A first step in working with application monitoring alerts is to try to see which ones you should address first to have the greatest impact on the applications in your environment. This is the role of Application Advisor - to identify the applications causing the most alerts and to see the types of alerts being raised. This introduces a proactive approach to managing application health because you're smartly addressing the most problematic areas of your applications and not merely reacting to alerts as they arrive.

To show how Application Advisor prioritizes alerts, this walkthrough uses a report that's helpful when first investigating application issues: the Problems Distribution Analysis report. This report shows the distribution of application failure, performance, connectivity, and security problems across all monitored applications and highlights the applications that are the most problematic. For the applications that contributed to most of the problems, this report provides more details by showing application components and external dependencies that are the root cause of those problems.

Interpret key elements of the Problems Distribution Analysis Report

  1. Following the procedure to scope and run an Application Advisor report, choose the information you want to include in the report, and select Apply to run the report.

  2. Here there are three views that will show the top issues:

    • To view only performance problems and top performance events for the applications, select Summary Performance Analysis.

    • To view only exceptions and top exception events for the applications, select the Summary Failure Analysis link.

    • You can view all problem types and top problems for the individual application in the Overall Source Statistics section. This section shows you what percentage of performance and exception events are being raised by the application resources, such as function calls or database queries.

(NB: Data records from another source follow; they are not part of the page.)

Lemma theta_var_inj i s j t : theta_var i s = theta_var j t -> i = j /\ s = t.
Proof. unfold theta_var; intros H; inversion H; auto. Qed.
Lemma u_var_inj i s j t : u_var i s = u_var j t -> i = j /\ s = t.
Proof. unfold u_var; intros H; inversion H; auto. Qed.

Lemma theta_du_step i s m K : sorted_mon m -> levels_bounded K m -> memb (theta_var i s) (snd m) = true ->
  sorted_mon (insE (u_var i s) (fst m), remove_all (theta_var i s) (snd m)) /\ levels_bounded K (insE (u_var i s) (fst m), remove_all (theta_var i s) (snd m)).
Proof. intros H1 H2 H3. split. apply sorted_mon_theta_du; auto. apply levels_bounded_theta_du; auto. unfold theta_var, u_var; simpl; lia. Qed.

Lemma u_dtheta_step i s m K : sorted_mon m -> levels_bounded K m -> memb (u_var i s) (fst m) = true -> memb (theta_var i s) (snd m) = false ->
  sorted_mon (remove_one (u_var i s) (fst m), insE (theta_var i s) (snd m)) /\ levels_bounded (S K) (remove_one (u_var i s) (fst m), insE (theta_var i s) (snd m)).
Proof. intros H1 H2 H3 H4. split. apply sorted_mon_u_dtheta; auto. apply levels_bounded_u_dtheta; auto. Qed.

Lemma dop_dop i x m p : sorted_mon m -> dop i (dop i x) m p = 0.
Proof.
  intros Hw. set (K := level m).
  assert (HB : levels_bounded (S K) m) by (apply (levels_bounded_mono K); [apply levels_bounded_level|lia]).
  rewrite (dop_d_trunc i K) by auto. unfold d_trunc.
  transitivity (sumR K (fun s => sumR K (fun t => theta_du (theta_var i s) (u_var i s) (theta_du (theta_var i t) (u_var i t) x) m p))).
  - apply sumR_ext. intros s _. rewrite <- theta_du_sum. apply theta_du_congr. intros Hin.
    destruct (theta_du_step i s m (S K) Hw HB Hin) as [W1 W2].
    rewrite (dop_d_trunc i K) by auto. reflexivity.
  - apply sumR_antisym. intros s t. destruct (Nat.eq_dec s t) as [->|Hne].
    + rewrite !theta_du_twice. ring.
    + apply theta_du_anticomm; auto. intros E; apply theta_var_inj in E; lia.
Qed.
(* Let $d\ge 2$ and let $a=(a_1,\dots,a_d)\in\mathcal{UN}_d$. Then there exists a special symmetric Toeplitz matrix $T_{\alpha,\beta}$ (of size $d\times d$) which is a matrix associated to the sequence $a$. The constant $\alpha$ is uniquely determined. For $d=2$ there are two choices for $\beta$, namely $\beta$ or $-\beta$. If $d\ge3$, then $\beta$ is uniquely determined.
   Context: A polynomial in $\mathbb{R}[z]$ is hyperbolic if all its roots are real. A sequence $a\in\mathbb{R}^d$ is a Nuij sequence if for every hyperbolic $p\in\mathbb{R}[z]$ of degree $d$, $p_a(z,s):=p(z)+\sum_{k=1}^d a_k s^k p^{(k)}(z)$ is hyperbolic for all $s\in\mathbb{R}$. A Nuij sequence $a$ admits a universal determinantal representation if there exists a real symmetric $d\times d$ matrix $A_a$ such that for every monic hyperbolic polynomial $p(z)=(z+\lambda_1)\cdots(z+\lambda_d)$ of degree $d$ one has $p_a(z,s)=\det(zI+D+sA_a)$, where $D$ is the diagonal matrix with diagonal entries $\lambda_1,\dots,\lambda_d$ written in an arbitrary order (so $\det(zI+D)=p(z)$); such $A_a$ is called a matrix associated to $a$. $\mathcal{UN}_d$ is the set of Nuij sequences in $\mathbb{R}^d$ admitting a universal determinantal representation. For $\alpha,\beta\in\mathbb{R}$, the special symmetric Toeplitz matrix $T_{\alpha,\beta}$ is the matrix with all diagonal entries equal to $\alpha$ and all off-diagonal entries equal to $\beta$. *)

From HB Require Import structures.
From mathcomp Require Import all_boot all_order all_algebra.
From mathcomp Require Import reals.
Set Implicit Arguments. Unset Strict Implicit. Unset Printing Implicit Defensive.
Import Order.TTheory GRing.Theory Num.Theory.
Local Open Scope ring_scope.

Definition hyperbolic (R : realType) (p : {poly R}) : Prop :=
  exists s : seq R, p = lead_coef p *: \prod_(x <- s) ('X - x%:P).

(* p_a(z,s) = p(z) + sum_{k=1}^d a_k s^k p^{(k)}(z), as a polynomial in z for
   fixed s.  The sequence a = (a_1,...,a_d) is a : 'I_d -> R with a_{k} = a (k-1). *)
Definition pa (R : realType) (d : nat) (a : 'I_d -> R) (p : {poly R}) (s : R)
  : {poly R} :=
  p + \sum_(i < d) (a i * s ^+ i.+1) *: p^`(i.+1).

Definition nuij (R : realType) (d : nat) (a : 'I_d -> R) : Prop :=
  forall p : {poly R}, size p = d.+1 -> hyperbolic p ->
    forall s : R, hyperbolic (pa a p s).

Definition detzI (R : realType) (d : nat) (M : 'M[R]_d) : {poly R} :=
  \det ('X%:M + map_mx polyC M).

(* A is a matrix associated to a: real symmetric, and for every monic
   hyperbolic p = (z+l_1)...(z+l_d) and every ordering of the l_i
   (captured by quantifying over all l : 'I_d -> R),
   p_a(z,s) = det(zI + diag(l) + s A) for all s. *)
Definition associated (R : realType) (d : nat) (a : 'I_d -> R) (A : 'M[R]_d)
  : Prop :=
  A^T = A /\
  forall (l : 'I_d -> R) (s : R),
    pa a (\prod_(i < d) ('X + (l i)%:P)) s
    = detzI (diag_mx (\row_i l i) + s *: A).

Definition UN (R : realType) (d : nat) (a : 'I_d -> R) : Prop :=
  nuij a /\ exists A : 'M[R]_d, associated a A.

Definition toeplitz (R : realType) (d : nat) (alpha beta : R) : 'M[R]_d :=
  \matrix_(i, j) (if i == j then alpha else beta).

From HB Require Import structures.
From mathcomp Require Import all_boot all_order all_algebra.
From mathcomp Require Import reals.
From mathcomp Require Import perm action primitive_action alt.
From mathcomp Require Import ring.
Import Order.TTheory GRing.Theory Num.Theory.
Local Open Scope ring_scope.
Set Implicit Arguments. Unset Strict Implicit. Unset Printing Implicit Defensive.

(* If A is associated to a, then det (diag l + A) is the value at z = 0, s = 1
   of p_a for p = prod_i (z + l_i): a symmetric function of l that depends on
   a only.  Varying one l_i at a time extracts the principal minors, so all
   principal minors of A of a given size are equal, and two matrices
   associated to a have the same principal minors.  The minors of size 1, 2
   and 3 give A_ii = alpha, A_ij^2 = beta^2 and A_ij A_jk A_ik = beta^3 for
   distinct i, j, k; conjugating by a diagonal sign matrix, which preserves
   associatedness, then turns A into T_{alpha,beta}.  Conversely the leading
   minors of two associated Toeplitz matrices determine alpha, beta^2 and,
   when d >= 3, beta^3, hence beta. *)

Section ShiftDeterminant.
Variable R : comNzRingType.

Definition shift_det n (M : 'M[R]_n) (l : 'I_n -> R) : R :=
  \det (diag_mx (\row_i l i) + M).

Definition same_shift_det n (M N : 'M[R]_n) : Prop :=
  forall l, shift_det M l = shift_det N l.

Definition symmetric_shift_det n (M : 'M[R]_n) : Prop :=
  forall (s : 'S_n) l, shift_det M (l \o s) = shift_det M l.

Lemma shift_det0 n (M : 'M[R]_n) : shift_det M (fun=> 0) = \det M.
Proof. by congr (\det _); apply/matrixP => i j; rewrite !mxE mul0rn add0r. Qed.

Lemma det_add_delta n (B : 'M[R]_n) i c :
  \det (B + c *: delta_mx i i) = \det B + c * cofactor B i i.
Proof.
rewrite (expand_det_row _ i) (expand_det_row B i).
have cofE j : cofactor (B + c *: delta_mx i i) i j = cofactor B i j.
  rewrite /cofactor; congr (_ * \det _); apply/matrixP => x y; rewrite !mxE.
  by rewrite eq_sym (negbTE (neq_lift i x)) mulr0 addr0.
under eq_bigr do rewrite cofE !mxE eqxx mulrDl.
rewrite big_split /=; congr (_ + _).
rewrite (bigD1 i) //= eqxx mulr1 big1 ?addr0 // => j /negbTE ->.
by rewrite mulr0 mul0r.
Qed.

Section ExtendLast.
Variables (n : nat) (l : 'I_n -> R).

Definition extend_last (c : R) (j : 'I_n.+1) : R :=
  if unlift ord_max j is Some j' then l j' else c.

Lemma shift_det_extend_last (M : 'M[R]_n.+1) c :
  shift_det M (extend_last c) = shift_det M (extend_last 0)
    + c * shift_det (mxsub (lift ord_max) (lift ord_max) M) l.
Proof.
have liftE (x : 'I_n) : (lift ord_max x == ord_max) = false.
  by rewrite eq_sym (negbTE (neq_lift _ _)).
have maxE (x : 'I_n) : (ord_max == lift ord_max x) = false.
  exact: negbTE (neq_lift _ _).
rewrite /shift_det.
have -> : diag_mx (\row_i extend_last c i) + M
    = diag_mx (\row_i extend_last 0 i) + M + c *: delta_mx ord_max ord_max.
  apply/matrixP => x y; rewrite !mxE /extend_last.
  case: (unliftP ord_max x) => [x'|] ->; case: (unliftP ord_max y) => [y'|] ->;
    rewrite ?eqxx ?liftE ?maxE ?andbF ?andbT /=;
    by rewrite ?mulr0 ?mulr1 ?mulr0n ?mulr1n ?addr0 ?add0r ?[c + _]addrC.
rewrite (det_add_delta (diag_mx _ + M)); congr (_ + _ * _).
rewrite /cofactor addnn -signr_odd odd_double expr0 mul1r; congr (\det _).
by apply/matrixP => x y; rewrite !mxE /extend_last !liftK (inj_eq lift_inj).
Qed.
End ExtendLast.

  3. Select the first link in whichever view you want to investigate. This first link shows the highest cause of alerts and launches a list of all the problems related to that application or source.

    Important

    This is the stage where you shift from a prioritized list to investigating individual alerts related to the most important issue. None of the events in this list is more important than another, but each can help highlight the root cause.

  4. Select a link in Event Description, and the Application Diagnostics Event Properties page opens. Here you're viewing data about the event itself. And this is the place to start troubleshooting. For more information, see Working with events by using Application Diagnostics.

    Beginning with the Event properties tab, use this and other tabs to discover more about what happened, whether it was likely a system issue as shown by performance data, and what application tier the problem occurred in, using distributed chains. Following this information should reveal if it was a system problem or an application code problem, and thus who should resolve the issue.

Add an Application Advisor report to Favorites

  1. If you want to save a report with certain scoped information that you can easily view later, add it to your Favorites list. In the Select report menu or by clicking the report graphic, select the report you want to run.

    Note

    You can scope the information you want included in the report before making it a favorite or create the scoping information in the Favorite Management Wizard.

  2. In the Results pane, to open the Favorite Management Wizard, select the Favorites icon.

  3. In the Favorite Management Wizard, you can either keep the settings you used to scope the information to be included in your report, reset them, or set them for the first time.

  4. As you make or confirm your scoping settings, select Next to proceed through the wizard settings pages, and select Finish.

  5. In the Favorites namespace, select Favorites and you'll be able to view the report you just configured.

  6. To view a report in your Favorites, click the report you want to view.

Next steps

To understand how to work with sensitive data that would be collected and be available for viewing by Application Performance Monitoring, review Working with sensitive data for .NET applications.